Despite the advantages of gradient variance reduction in near-convex problems, a natural discrepancy between theory and practice is that whether we should avoid the gradient noise in non-convex problems. To fill in the gap, we only focus on the variance reduction of noisy energy estimators to exploit the theoretical accelerations but no longer consider the variance reduction of the noisy gradients so that the empirical experience from stochastic gradient descents with momentum (M-SGD) can be naturally imported.
- Python 2.7
- PyTorch = 1.1 or similar
- numpy
- CUDA
Please cite our paper (link) if you find it useful in uncertainty estimations
@inproceedings{VR-reSGLD,
title={Accelerating Convergence of Replica Exchange Stochastic Gradient MCMC via Variance Reduction},
author={Wei Deng and Qi Feng and Georgios P. Karagiannis and Guang Lin and Faming Liang},
booktitle={International Conference on Learning Representations},
year={2021}
}
Momentum stochastic gradient descent (M-SGD) with 500 epochs, batch size 256 and decreasing learning rates
$ python bayes_cnn.py -sn 500 -chains 1 -lr 2e-6 -LRanneal 0.984 -T 1e-300 -burn 0.6
Stochastic Gradient Hamiltonian Monte Carlo (SGHMC) with annealing temperatures in warm-up period and fixed temperature afterward
$ python bayes_cnn.py -sn 500 -chains 1 -lr 2e-6 -LRanneal 0.984 -T 0.01 -Tanneal 1.02 -burn 0.6
Standard SGHMC with cylic learning rates and 1000 epochs
$ python bayes_cnn.py -sn 1000 -chains 1 -lr 2e-6 -LRanneal 1.0 -T 0.001 -cycle 5 -period 0 -burn 0.7
Standard Replica Exchange SGHMC (reSGHMC) with annealing temperatures in warm-up period and fixed temperature afterward
$ python bayes_cnn.py -sn 500 -chains 2 -lr 2e-6 -LRanneal 0.984 -T 0.01 -var_reduce 0 -period 2 -bias_F 1.5e5 -burn 0.6
Variance-reduced Replica Exchange SGLD with control variates updated every 2 epochs and fixed temperature after the warm-up period (Algorithm 1)

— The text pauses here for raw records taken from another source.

Lemma iter_tau_run n a l1 l l2 :
  iter n (@tau A a0) a l1 != a0 -> iter n (@tau A a0) a l2 != a0 ->
  l1 <= l <= l2 -> l2 <= l1 + n%:Z ->
  iter n (@tau A a0) a l = iter n (@tau A a0) a l1.
Proof.
rewrite !iter_tauE.
case: (const_runP a l1 n) => [H1 _ | _]; last by rewrite eqxx.
case: (const_runP a l2 n) => [H2 _ | _]; last by rewrite eqxx.
move=> /andP[l1l ll2] l2l1.
have const_a : forall u, l1 <= u <= l2 + n%:Z -> a u = a l1.
  move=> u /andP[u1 u2]; have [ul1n | l1nu] := lerP u (l1 + n%:Z).
    have -> : u = l1 + (u - l1) by lia.
    by rewrite H1 //; lia.
  have -> : u = l2 + (u - l2) by lia.
  rewrite H2; last lia.
  have -> : l2 = l1 + (l2 - l1) by lia.
  by rewrite H1 //; lia.
have -> : const_run a l n.
  by apply/const_runP => k kn; rewrite !const_a //; lia.
by apply: const_a; lia.
Qed.

End IteratedAutomaton.

Section BlockWords.
Variables (A : finType) (a0 : A) (n : nat).

Definition window_constant (b : nat -> A) : Prop :=
  forall l1 l l2, b l1 != a0 -> b l2 != a0 ->
  (l1 <= l <= l2)%N -> (l2 <= l1 + n)%N -> b l = b l1.

(* (x, s, e) encodes the window that equals x on [s, e] and a0 elsewhere. *)
Definition decode_window (w : A * 'I_n * 'I_n) (j : nat) : A :=
  if (w.1.2 <= j <= w.2)%N then w.1.1 else a0.

Definition decode_blocks m (c : {ffun 'I_(m %/ n).+1 -> A * 'I_n * 'I_n}) :
    {ffun 'I_m.+1 -> A} :=
  [ffun i : 'I_m.+1 => decode_window (c (inord (i %/ n))) (i %% n)].

Definition block_words m : {set {ffun 'I_m.+1 -> A}} :=
  [set decode_blocks c | c : {ffun 'I_(m %/ n).+1 -> A * 'I_n * 'I_n}].

Lemma card_block_words m :
  (#|block_words m| <= (#|A| * n ^ 2) ^ (m %/ n).+1)%N.
Proof.
apply: leq_trans (leq_imset_card _ _) _.
by rewrite card_ffun !card_prod !card_ord -mulnA.
Qed.

Hypothesis n_gt0 : (0 < n)%N.

Lemma window_constant_decode_window b p : window_constant b ->
  exists w, forall j : 'I_n, b (p + j)%N = decode_window w j.
Proof.
move=> bP; pose nz (j : 'I_n) := b (p + j)%N != a0.
have [j0 nz_j0 | nz0] := pickP nz; last first.
  exists (a0, Ordinal n_gt0, Ordinal n_gt0) => j; rewrite /decode_window.
  by have /negbFE/eqP -> := nz0 j; case: ifP.
have [s nz_s s_min] := arg_minnP (fun j : 'I_n => val j) nz_j0.
have [e nz_e e_max] := arg_maxnP (fun j : 'I_n => val j) nz_j0.
exists (b (p + s)%N, s, e) => j; rewrite /decode_window /=.
case: ifP => [sje | /negbT outside].
  apply: bP nz_s nz_e _ _; have := ltn_ord e; lia.
apply/eqP/negPn/negP => nz_j.
by move: outside; rewrite (s_min j nz_j) (e_max j nz_j : j <= e)%N.
Qed.

Lemma window_constant_block_words b m : window_constant b ->
  [ffun i : 'I_m.+1 => b i] \in block_words m.
Proof.
move=> bP; have /fin_all_exists [c cP] : forall q : 'I_(m %/ n).+1,
    exists w, forall j : 'I_n, b (q * n + j)%N = decode_window w j.
  by move=> q; apply: window_constant_decode_window.
apply/imsetP; exists (finfun c) => //; apply/ffunP => i.
rewrite !ffunE; have iq : (i %/ n < (m %/ n).+1)%N.
  by rewrite ltnS leq_div2r // -ltnS.
by rewrite -(cP _ (Ordinal (ltn_pmod i n_gt0))) /= inordK // -divn_eq.
Qed.

End BlockWords.

Section BlockDistribution.
Variables (A : finType) (a0 : A).

Lemma cylinder_measurable (i : int) (x : A) :
  measurable [set a : AZ a0 | a i = x].
Proof. by apply: sub_sigma_algebra; exists i, x. Qed.

Lemma tau_measurable : measurable_fun setT (@tau A a0).
Proof.
apply: (@measurability _ _ (AZ a0) (AZ a0) _ _ (@cylinders A a0)) => //.
move=> _ [_ [i [x ->]] <-]; rewrite setTI.
have -> : @tau A a0 @^-1` [set a | a i = x] =
    \bigcup_(yz in [set yz : A * A | tau0 a0 yz.1 yz.2 = x])
      ([set a : AZ a0 | a i = yz.1] `&` [set a | a (i + 1) = yz.2]).
  apply/seteqP; split => [a /= <- | a [yz /= <- [/= <- <-]]] //.
  by exists (a i, a (i + 1)).
apply: fin_bigcup_measurable; first exact: finite_finset.
by move=> yz _; apply: measurableI; exact: cylinder_measurable.
Qed.
Lemma Cmod_fold_Cplus_le (f : nat -> C) (l : list nat) :
  (forall h, Cmod (f h) <= 1) ->
  Cmod (fold_right Cplus (RtoC 0) (map f l)) <= INR (length l).
Proof.
  intros f_le. induction l as [|h l IH]; cbn [fold_right map length].
  - rewrite Cmod_0. simpl. lra.
  - eapply Rle_trans; [apply Cmod_triangle|]. rewrite S_INR. specialize (f_le h). lra.
Qed.

Lemma Cmod_A2_le (k : nat) (n m : Z) : Cmod (A2 k n m) <= INR k.
Proof.
  unfold A2. eapply Rle_trans.
  - apply Cmod_fold_Cplus_le. intros; rewrite Cmod_cexpi; lra.
  - apply le_INR. rewrite <- (length_seq k 0) at 2. apply filter_length_le.
Qed.

Lemma term6p2_bounds (n k : nat) : (1 <= n)%nat -> (1 <= k)%nat ->
  0 <= term6p2 n k <= I2 (PI * sqrt (12 * INR n - 1) / 3 / INR k).
Proof.
  intros n_ge1 k_ge1. unfold term6p2.
  apply (le_INR 1) in n_ge1, k_ge1. simpl in n_ge1, k_ge1.
  replace (PI * sqrt (12 * INR n - 1) / (3 * INR k))
    with (PI * sqrt (12 * INR n - 1) / 3 / INR k) by (field; lra).
  set (x := PI * sqrt (12 * INR n - 1) / 3 / INR k).
  assert (x_gt0 : 0 < x).
  { unfold x. pose proof PI_RGT_0. pose proof (sqrt_lt_R0 (12 * INR n - 1) ltac:(lra)).
    repeat apply Rdiv_lt_0_compat; nra. }
  pose proof (I2_ge0 x x_gt0). pose proof (Cmod_A2_le k (Z.of_nat n) 0).
  pose proof (Cmod_ge_0 (A2 k (Z.of_nat n) 0)).
  assert (0 <= Cmod (A2 k (Z.of_nat n) 0) / INR k <= 1).
  { split; [apply Rdiv_le_0_compat; lra|].
    apply (Rmult_le_reg_r (INR k)); [lra|]. unfold Rdiv. rewrite Rmult_assoc, Rinv_l; lra. }
  split; nra.
Qed.

Lemma PI_sqr_ge_8 : 8 <= PI ^ 2.
Proof. pose proof (PI_ineq 1) as [H _]. unfold tg_alt, PI_tg in H. simpl in H. nra. Qed.

Lemma tail_prefactor_le (X : R) :
  0 < X -> 2 * PI / X * ((PI * sqrt X / 3) ^ 2 / 3) <= PI ^ 5 / 108.
Proof.
  intros X_gt0. pose proof PI_sqr_ge_8. pose proof PI_RGT_0.
  replace (2 * PI / X * ((PI * sqrt X / 3) ^ 2 / 3))
    with (2 * PI ^ 3 / 27 * (sqrt X * sqrt X / X)) by (field; lra).
  rewrite sqrt_sqrt, Rdiv_diag by lra.
  assert (0 < PI ^ 3) by (apply pow_lt; lra).
  replace (PI ^ 5) with (PI ^ 3 * PI ^ 2) by ring. nra.
Qed.

Lemma head_prefactor_le (X m : R) : 0 < X -> 0 <= m ->
  2 * PI / X * / (2 * sqrt (PI * sqrt X / 3 / (m + 1)))
  <= 2 * sqrt (6 * (m + 1)) / Rpower X (5 / 4).
Proof.
  intros X_gt0 m_ge0. pose proof PI_RGT_0. pose proof PI_4.
  set (q := Rpower X (1 / 4)).
  assert (q_gt0 : 0 < q) by (unfold q, Rpower; apply exp_pos).
  assert (qq : q * q = sqrt X).
  { unfold q. rewrite <- Rpower_plus. replace (1 / 4 + 1 / 4) with (/ 2) by field.
    apply Rpower_sqrt. lra. }
  assert (X_pow : Rpower X (5 / 4) = X * q).
  { unfold q. replace (5 / 4) with (1 + 1 / 4) by field.
    rewrite Rpower_plus, Rpower_1 by lra. ring. }
  rewrite X_pow, <- qq.
  set (y := PI * (q * q) / 3 / (m + 1)).
  assert (y_gt0 : 0 < y).
  { unfold y. pose proof (Rmult_lt_0_compat _ _ q_gt0 q_gt0).
    repeat apply Rdiv_lt_0_compat; try apply Rmult_lt_0_compat; lra. }
  assert (sqrt_y_gt0 : 0 < sqrt y) by (apply sqrt_lt_R0; lra).
  assert (sqrt_prod : sqrt (6 * (m + 1)) * sqrt y = sqrt (2 * PI) * q).
  { rewrite <- sqrt_mult by lra.
    replace (6 * (m + 1) * y) with (2 * PI * (q * q)) by (unfold y; field; lra).
    rewrite sqrt_mult, sqrt_square by nra. reflexivity. }
  assert (PI / 2 <= sqrt (2 * PI)).
  { rewrite <- (sqrt_pow2 (PI / 2)) by lra. apply sqrt_le_1_alt. nra. }
  set (A := sqrt (6 * (m + 1))) in *. set (Y := sqrt y) in *.
  assert (diff : 2 * A / (X * q) - 2 * PI / X * / (2 * Y) = (2 * (A * Y) - PI * q) / (X * q * Y))
    by (field; repeat split; lra).
  assert (0 <= (2 * (A * Y) - PI * q) / (X * q * Y)).
  { apply Rdiv_le_0_compat; [rewrite sqrt_prod; nra|]. apply Rmult_lt_0_compat; nra. }
  lra.
Qed.

Lemma head_contribution_le (X m h : R) : 0 < X -> 0 <= m -> 0 <= h ->
  2 * PI / X * (exp (PI * sqrt X / 3 / (m + 1)) / (2 * sqrt (PI * sqrt X / 3 / (m + 1))) * h)
  <= 2 * sqrt (6 * (m + 1)) / Rpower X (5 / 4) * h * exp (PI * sqrt X / (3 * (m + 1))).
Proof.
  intros X_gt0 m_ge0 h_ge0.
  pose proof (head_prefactor_le X m X_gt0 m_ge0) as prefactor_le.
  replace (PI * sqrt X / (3 * (m + 1))) with (PI * sqrt X / 3 / (m + 1)) by (field; lra).
  set (y := PI * sqrt X / 3 / (m + 1)) in *.
  replace (2 * PI / X * (exp y / (2 * sqrt y) * h))
    with (2 * PI / X * / (2 * sqrt y) * (exp y * h)) by (unfold Rdiv; ring).
  replace (2 * sqrt (6 * (m + 1)) / Rpower X (5 / 4) * h * exp y)
    with (2 * sqrt (6 * (m + 1)) / Rpower X (5 / 4) * (exp y * h)) by ring.
  apply Rmult_le_compat_r; [|exact prefactor_le].
  pose proof (exp_pos y). nra.
Qed.

Theorem lemma6p2 (n M : nat) (hn : (1 <= n)%nat) :
  exists l : R,
    is_series (fun j : nat => term6p2 n (j + M + 1)) l /\
    2 * PI / (12 * INR n - 1) * l <= fM M n.
Proof.
  set (X := 12 * INR n - 1).
  assert (X_gt0 : 0 < X) by (unfold X; apply (le_INR 1) in hn; simpl in hn; lra).
  set (c := PI * sqrt X / 3).
  assert (c_gt0 : 0 < c).
  { unfold c. pose proof PI_RGT_0. pose proof (sqrt_lt_R0 X X_gt0). nra. }
  destruct (series_I2_tail_le (fun j => term6p2 n (j + M + 1)) c M c_gt0)
    as [summable sum_le].
  { intro j. apply term6p2_bounds; lia. }
  exists (Series (fun j => term6p2 n (j + M + 1))). split; [now apply Series_correct|].
  assert (prefactor_gt0 : 0 < 2 * PI / X) by (pose proof PI_RGT_0; apply Rdiv_lt_0_compat; lra).
  eapply Rle_trans; [apply Rmult_le_compat_l; [lra | exact sum_le]|].
  unfold fM. fold X c. rewrite Rmult_plus_distr_l.
  apply Rplus_le_compat; [apply tail_prefactor_le, X_gt0|].
  destruct Rle_dec as [head | _]; [|lra].
  apply head_contribution_le; [exact X_gt0 | apply pos_INR | lra].
Qed.
Lemma generator_shift_unitmx : (a%:M - Q) \in unitmx.
Proof.
rewrite -unitmx_tr -row_free_unit; apply: inj_row_free => v Mv0.
have MvT0 : (a%:M - Q) *m v^T = 0.
  by rewrite -[_ *m _]trmxK trmx_mul trmxK Mv0 trmx0.
have vT_ge0 : forall j, 0 <= v^T j 0.
  by apply: min_principle => s; rewrite MvT0 mxE.
have vT_le0 : forall j, 0 <= (- v^T) j 0.
  by apply: min_principle => s; rewrite mulmxN MvT0 !mxE oppr0.
apply/matrixP => i j; rewrite ord1 mxE.
have := vT_ge0 j; have := vT_le0 j; rewrite !mxE; lra.
Qed.

Lemma resolvent_ler (y z : 'cV_n) :
  (forall s, y s 0 <= z s 0) ->
  forall s, (invmx (a%:M - Q) *m y) s 0 <= (invmx (a%:M - Q) *m z) s 0.
Proof.
move=> yz s; have := @min_principle (invmx (a%:M - Q) *m (z - y)).
rewrite mulmxA mulmxV ?generator_shift_unitmx // mul1mx mulmxBr => /(_ _ s).
by rewrite !mxE subr_ge0; apply=> t; rewrite !mxE subr_ge0.
Qed.

End Resolvent.

Section SignNearZero.
Variable R : realFieldType.
Implicit Types (p : {poly R}) (e x : R).

Lemma horner_norm_le_sum_coef p x :
  0 <= x -> x <= 1 -> `|p.[x]| <= \sum_(i < size p) `|p`_i|.
Proof.
move=> x_ge0 x_le1; rewrite horner_coef (le_trans (ler_norm_sum _ _ _)) //.
apply: ler_sum => i _; rewrite normrM normrX ler_piMr ?exprn_ile1 //.
by rewrite ger0_norm.
Qed.
Lemma le_integral_superlevel (P1 P2 : {sigma_finite_measure set T -> \bar R}) u v t :
  measurable_fun setT u -> measurable_fun setT v ->
  (forall x, 0 <= u x <= 1) -> (forall x, 0 <= v x) -> 0 <= t ->
  (forall s, 0 <= s ->
    (P1 [set x | (s < u x)%R] <= P2 [set x | (s < v x)%R] + t%:E)%E) ->
  (\int[P1]_x (u x)%:E <= \int[P2]_x (v x)%:E + t%:E)%E.
Proof.
move=> mu mv u01 v0 t0 le_superlevel.
have u0 x : (0 <= u x)%R by case/andP: (u01 x).
have m0y : measurable (`[0%R, +oo[%classic : set R) by exact: measurable_itv.
rewrite !ge0_integral_layer_cake //.
pose I01 : set R := `[0%R, 1%R]%classic.
(* Above level 1 the superlevel sets of u are empty, so the slack t is only needed on [0, 1]. *)
apply: (@le_trans _ _ (\int[lebesgue_measure]_(s in `[0%R, +oo[)
    (P2 [set x | (s < v x)%R] + (t * \1_I01 s)%:E))%E).
  apply: ge0_le_integral => //; first exact: measurable_fun_superlevel.
    apply: emeasurable_funD; first exact: measurable_fun_superlevel.
    apply/measurable_EFinP; apply: measurable_funM => //.
    by apply: measurable_indic; exact: measurable_itv.
  move=> s; rewrite /= in_itv /= andbT => s0; rewrite indicE.
  have [sI01|sI01] := boolP (s \in I01); first by rewrite mulr1 le_superlevel.
  have s1 : (1 < s)%R.
    by rewrite ltNge; apply: contra sI01 => s1; rewrite /I01 mem_setE in_itv /= s0.
  rewrite (_ : [set x | s < u x]%R = set0) ?measure0; last first.
    by apply/seteqP; split => // x /=; case/andP: (u01 x) => _; lra.
  by rewrite adde_ge0 // lee_fin mulr_ge0.
rewrite ge0_integralD //; first last.
- apply/measurable_EFinP; apply: measurable_funM => //.
  by apply: measurable_indic; exact: measurable_itv.
- by move=> s _; rewrite lee_fin mulr_ge0.
- exact: measurable_fun_superlevel.
have leb01 : lebesgue_measure I01 = 1%E by rewrite lebesgue_measure_itv /= lte01 sube0.
rewrite integralZl_indic //; first last.
- exact: measurable_itv.
- by move=> t_lt0; exfalso; lra.
rewrite integral_indic //; last exact: measurable_itv.
rewrite setIidl; last by move=> s; rewrite /I01 /= !in_itv /= => /andP[->].
by rewrite [X in (t%:E * X)%E](_ : _ = 1%E) ?mule1 //; exact: leb01.
Qed.

End layer_cake.

Lemma lee_distl (R : realDomainType) (a b : \bar R) (t : R) :
  a \is a fin_num -> b \is a fin_num ->
  (`|a - b| <= t%:E)%E = (a <= b + t%:E)%E && (b <= a + t%:E)%E.
Proof.
move=> /fineK <- /fineK <-; rewrite -EFinB abse_EFin -!EFinD !lee_fin ler_norml.
by apply/andP/andP => -[? ?]; split; lra.
Qed.

Section integral_dist.
Context d (T : measurableType d) (R : realType).

Lemma integral_mulindic (mu : {measure set T -> \bar R}) (B : set T) (h : T -> R) :
  (\int[mu]_(x in B) (h x)%:E = \int[mu]_x (h x * \1_B x)%:E)%E.
Proof.
rewrite integral_mkcond; apply: eq_integral => x _.
by rewrite patchE indicE; case: (x \in B); rewrite ?mulr1 ?mulr0.
Qed.

Lemma integral_le_measure (P : {measure set T -> \bar R}) (B : set T) (h : T -> R) :
  measurable B -> measurable_fun setT h -> (forall x, 0 <= h x <= 1) ->
  (\int[P]_(x in B) (h x)%:E <= P B)%E.
Proof.
move=> mB mh h01; rewrite -[leRHS]mul1e -integral_cst // ge0_le_integral //.
- by move=> x _; rewrite lee_fin; case/andP: (h01 x).
- by apply/measurable_funTS/measurable_EFinP.
- by move=> x _; rewrite lee_fin; case/andP: (h01 x).
Qed.

Lemma fin_num_integral01 (P : {finite_measure set T -> \bar R}) (B : set T) (h : T -> R) :
  measurable B -> measurable_fun setT h -> (forall x, 0 <= h x <= 1) ->
  (\int[P]_(x in B) (h x)%:E)%E \is a fin_num.
Proof.
move=> mB mh h01; have := fin_num_measure P B mB.
rewrite !ge0_fin_numE ?measure_ge0 //; last first.
  by apply: integral_ge0 => x _; rewrite lee_fin; case/andP: (h01 x).
exact: le_lt_trans (integral_le_measure P mB mh h01).
Qed.

Lemma superlevel_mulindic (h : T -> R) (B : set T) s :
  0 <= s -> [set x | s < h x * \1_B x] = [set x | s < h x] `&` B.
Proof.
move=> s0; apply/seteqP; split => x /=; rewrite indicE.
  by case: (boolP (x \in B)) => [/set_mem|_]; rewrite ?mulr1 ?mulr0 //; lra.
by case=> hx /mem_set ->; rewrite mulr1.
Qed.

Lemma le_integral_restr_superlevel (Pa Pb : {sigma_finite_measure set T -> \bar R})
    (Ba Bb : set T) (h : T -> R) (t : R) :
  measurable Ba -> measurable Bb -> measurable_fun setT h ->
  (forall x, 0 <= h x <= 1) -> 0 <= t ->
  (forall s, 0 <= s -> (Pa ([set x | (s < h x)%R] `&` Ba) <=
                        Pb ([set x | (s < h x)%R] `&` Bb) + t%:E)%E) ->
  (\int[Pa]_(x in Ba) (h x)%:E <= \int[Pb]_(x in Bb) (h x)%:E + t%:E)%E.
Proof.
move=> mBa mBb mh h01 t0 le_cells.
have mulindic01 B x : 0 <= h x * \1_B x <= 1.
  by rewrite indicE; case: (x \in B); rewrite ?mulr1 ?mulr0 ?lexx ?ler01.
have mulindic_meas B : measurable B -> measurable_fun setT (fun x => h x * \1_B x).
  by move=> mB; apply: measurable_funM => //; exact: measurable_indic.
rewrite (integral_mulindic Pa Ba) (integral_mulindic Pb Bb).
apply: le_integral_superlevel => //; try exact: mulindic_meas.
- by move=> x; case/andP: (mulindic01 Bb x).
- by move=> s s0; rewrite !superlevel_mulindic //; exact: le_cells.
Qed.

Lemma integral_dist_le (P1 P2 : {finite_measure set T -> \bar R}) (B1 B2 : set T)
    (h : T -> R) (t : R) :
  measurable B1 -> measurable B2 -> measurable_fun setT h ->
  (forall x, 0 <= h x <= 1) ->
  (forall E, measurable E -> `|P1 (E `&` B1) - P2 (E `&` B2)| <= t%:E)%E ->
  (`|\int[P1]_(x in B1) (h x)%:E - \int[P2]_(x in B2) (h x)%:E| <= t%:E)%E.
Proof.
move=> mB1 mB2 mh h01 cell.
have t0 : 0 <= t by rewrite -lee_fin (le_trans _ (cell _ measurable0)) // abse_ge0.
have cell_fin (P : {finite_measure set T -> \bar R}) B s : measurable B ->
    P ([set x | (s < h x)%R] `&` B) \is a fin_num.
  by move=> mB; apply/fin_num_measure/measurableI => //; exact: measurable_superlevel.
rewrite lee_distl ?fin_num_integral01 //.
apply/andP; split; apply: le_integral_restr_superlevel => // s s0;
  by have := cell _ (measurable_superlevel s mh); rewrite lee_distl ?cell_fin // => /andP[].
Qed.

End integral_dist.

Lemma ratio_dist_le (R : realFieldType) (I I' a a' t : R) :
  0 <= I <= a -> `|I' - I| <= t -> `|a' - a| <= t -> t < a / 2 ->
  `|I' / a' - I / a| <= 4 / a * t.
Proof.
move=> /andP[I0 Ia] dI da ta.
have t0 : 0 <= t := le_trans (normr_ge0 _) dI.
have a0 : 0 < a by lra.
have a'a : a / 2 < a' by move: da; rewrite ler_norml => /andP[? ?]; lra.
have a'0 : 0 < a' by lra.
have -> : I' / a' - I / a = ((I' - I) * a + I * (a - a')) / (a' * a).
  by field; rewrite !gt_eqF.
rewrite normrM normfV (gtr0_norm (mulr_gt0 a'0 a0)) ler_pdivrMr ?mulr_gt0 //.
rewrite (le_trans (ler_normD _ _)) // !normrM (gtr0_norm a0) (ger0_norm I0).
have : `|I' - I| * a <= t * a by rewrite ler_pM2r.
have : I * `|a - a'| <= a * t by rewrite ler_pM // distrC.
have -> : 4 / a * t * (a' * a) = 4 * t * a' by field; rewrite gt_eqF.
nra.
Qed.

Lemma tv_dist_ge0 (R : realType) (X : Type) (meas : set (set X))
    (mu nu : set X -> \bar R) (A : set X) :
  meas A -> (0 <= tv_dist meas mu nu)%E.
Proof.
move=> mA; apply: le_trans (abse_ge0 (mu A - nu A)) _.
by apply: ereal_sup_ubound; exists A.
Qed.

Section quantized_measure.
Context d (T : measurableType d) (R : realType) (M : nat).
Implicit Types (P : {measure set T -> \bar R}) (Q : T -> 'I_M).

Lemma quant_meas_cell P Q (m : 'I_M) (E : set T) :
  quant_meas P Q [set p | p.2 = m /\ E p.1] = P (E `&` Q @^-1` [set m]).
Proof.
rewrite /quant_meas (bigD1 m) //= big1 ?adde0.
  by congr (P _); apply/seteqP; split => x /=; tauto.
move=> i im; rewrite (_ : [set x | i = m /\ E x] = set0) ?set0I ?measure0 //.
by apply/seteqP; split => x //= [im' _]; move: im; rewrite im' eqxx.
Qed.

Lemma le_tv_dist_quant_cell P1 P2 Q1 Q2 (m : 'I_M) (E : set T) :
  measurable E ->
  (`|P1 (E `&` Q1 @^-1` [set m]) - P2 (E `&` Q2 @^-1` [set m])| <=
   tv_dist (@prod_measurable _ _ M) (quant_meas P1 Q1) (quant_meas P2 Q2))%E.
Proof.
move=> mE; rewrite -!quant_meas_cell; apply: ereal_sup_ubound.
exists [set p | p.2 = m /\ E p.1] => // i /=.
have [->|im] := eqVneq i m.
  by rewrite (_ : [set x | m = m /\ E x] = E) //; apply/seteqP; split => x /=; tauto.
rewrite (_ : [set x | i = m /\ E x] = set0) //.
by apply/seteqP; split => x //= [im' _]; move: im; rewrite im' eqxx.
Qed.

Lemma quant_cell_dist (P1 P2 : {finite_measure set T -> \bar R}) Q1 Q2 (m : 'I_M) t :
  quantizer Q1 -> quantizer Q2 ->
  (tv_dist (@prod_measurable _ _ M) (quant_meas P1 Q1) (quant_meas P2 Q2) <= t%:E)%E ->
  `|fine (P1 (Q1 @^-1` [set m])) - fine (P2 (Q2 @^-1` [set m]))| <= t.
Proof.
move=> mQ1 mQ2 tv_le; rewrite -lee_fin -abse_EFin EFinB !fineK ?fin_num_measure //.
rewrite -[Q1 @^-1` _]setTI -[Q2 @^-1` _]setTI.
exact: le_trans (le_tv_dist_quant_cell _ _ _ _ _ _) tv_le.
Qed.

$ python bayes_cnn.py -sn 500 -chains 2 -lr 2e-6 -LRanneal 0.984 -T 0.01 -var_reduce 1 -period 2 -bias_F 1.5e5 -burn 0.6 -seed 85674
Variance-reduced Replica Exchange SGLD with adaptive control variates and fixed temperature after the warm-up period (Algorithm 2)
$ python bayes_cnn.py -sn 500 -chains 2 -lr 2e-6 -LRanneal 0.984 -T 0.01 -var_reduce 1 -period 2 -bias_F 1.5e5 -burn 0.6 -adapt_c 1
Variance-reduced Replica Exchange SGLD with adaptive control variates and a constant temperature (Algorithm 2)
$ python bayes_cnn.py -sn 500 -chains 2 -lr 2e-6 -LRanneal 0.984 -T 0.0001 -Tanneal 1 -var_reduce 1 -period 2 -bias_F 1.5e7 -burn 0.6 -adapt_c 1
Apply a temperature scaling of 2 for uncertainty calibration
$ python uncertainty_test.py -c VR_reSGHMC -T_scale 2
$ python uncertainty_test.py -c cSGHMC -T_scale 2
-
M. Welling, Y. Teh. Bayesian Learning via Stochastic Gradient Langevin Dynamics. ICML'11
-
W. Deng, Q. Feng, L. Gao, F. Liang, G. Lin. Non-convex Learning via Replica Exchange Stochastic Gradient MCMC. ICML'20.
-
W. Deng, Q. Feng, G. Karagiannis, G. Lin, F. Liang. Accelerating Convergence of Replica Exchange Stochastic Gradient MCMC via Variance Reduction. ICLR'21.